## Exercise description
Return every line of the records that includes the string "mathcomp".

## Dataset excerpts
(* Let $A\in\mathbb{R}^{p\times n}$ with $A\mathbf{1}=\mathbf{0}$, let $A=U\Sigma V$ be its compact SVD with singular values in descending order ($V$ with orthonormal rows), and let $K$ be an integer with $2\le K\le\operatorname{rank}(A)+1$; let $V_{1:K-1}$ be the first $K-1$ rows of $V$ (the solution of PCA $\min_{D,X}\|A-DX\|_F^2$ s.t. $XX^T=I$, $X\in\mathbb{R}^{(K-1)\times n}$). Put $\beta=-\min_{i,j}(A^TA)_{ij}$, $\tilde A=\begin{bmatrix}\sqrt\beta\,\mathbf{1}^T\\ A\end{bmatrix}$, $W=\tilde A^T\tilde A$, $L=\operatorname{diag}(W\mathbf{1})-W$. Let $H\in\mathbb{R}^{K\times n}$ be a normalized-indicator solution of K-means $\min_{D,X}\|A-DX\|_F^2$ s.t. $X\in\mathcal{H}$ (equivalently of ratio cut $\min_X\operatorname{tr}\{XLX^T\}$ s.t. $X\in\mathcal{H}$). If $W$ satisfies the ideal graph condition with respect to $K$ clusters, then there exists $R\in\mathbb{R}^{K\times K}$ with $R^TR=I$ such that $$\begin{bmatrix}\tfrac1{\sqrt n}\mathbf{1}^T\\ V_{1:K-1}\end{bmatrix}=RH.$$
   Context: $\mathbf{1}$ is the all-ones vector, $\operatorname{diag}(v)$ the diagonal matrix with diagonal $v$. $\mathcal{F}$ is the set of matrices $F\in\{0,1\}^{K\times n}$ each of whose columns has exactly one entry $1$ (clusters nonempty), and $\mathcal{H}=\{(FF^T)^{-1/2}F:F\in\mathcal{F}\}$. Ideal graph condition for $W$ with respect to $K$: the graph on $\{1,\dots,n\}$ with an edge between $i,j$ whenever $W_{ij}>0$ has exactly $K$ connected components. *)

From HB Require Import structures.
From mathcomp Require Import all_boot all_order all_algebra.
From mathcomp Require Import reals.
Set Implicit Arguments. Unset Strict Implicit. Unset Printing Implicit Defensive.
Import Order.TTheory GRing.Theory Num.Theory.
Local Open Scope ring_scope.

Definition ones {R : realType} (n : nat) : 'cV[R]_n := const_mx 1.

Definition frob2 {R : realType} {m n : nat} (M : 'M[R]_(m, n)) : R :=
  \sum_(i < m) \sum_(j < n) M i j ^+ 2.

Definition is_min_entry {R : realType} {m n : nat} (M : 'M[R]_(m, n)) (mu : R) :=
  (exists i j, M i j = mu) /\ (forall i j, mu <= M i j).

Definition in_F {R : realType} {K n : nat} (F : 'M[R]_(K, n)) : Prop :=
  [/\ forall k j, F k j = 0 \/ F k j = 1,
      forall j, exists! k, F k j = 1
    & forall k, exists j, F k j = 1].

## Solution to this exercise
From mathcomp Require Import all_boot all_order all_algebra.
From mathcomp Require Import reals.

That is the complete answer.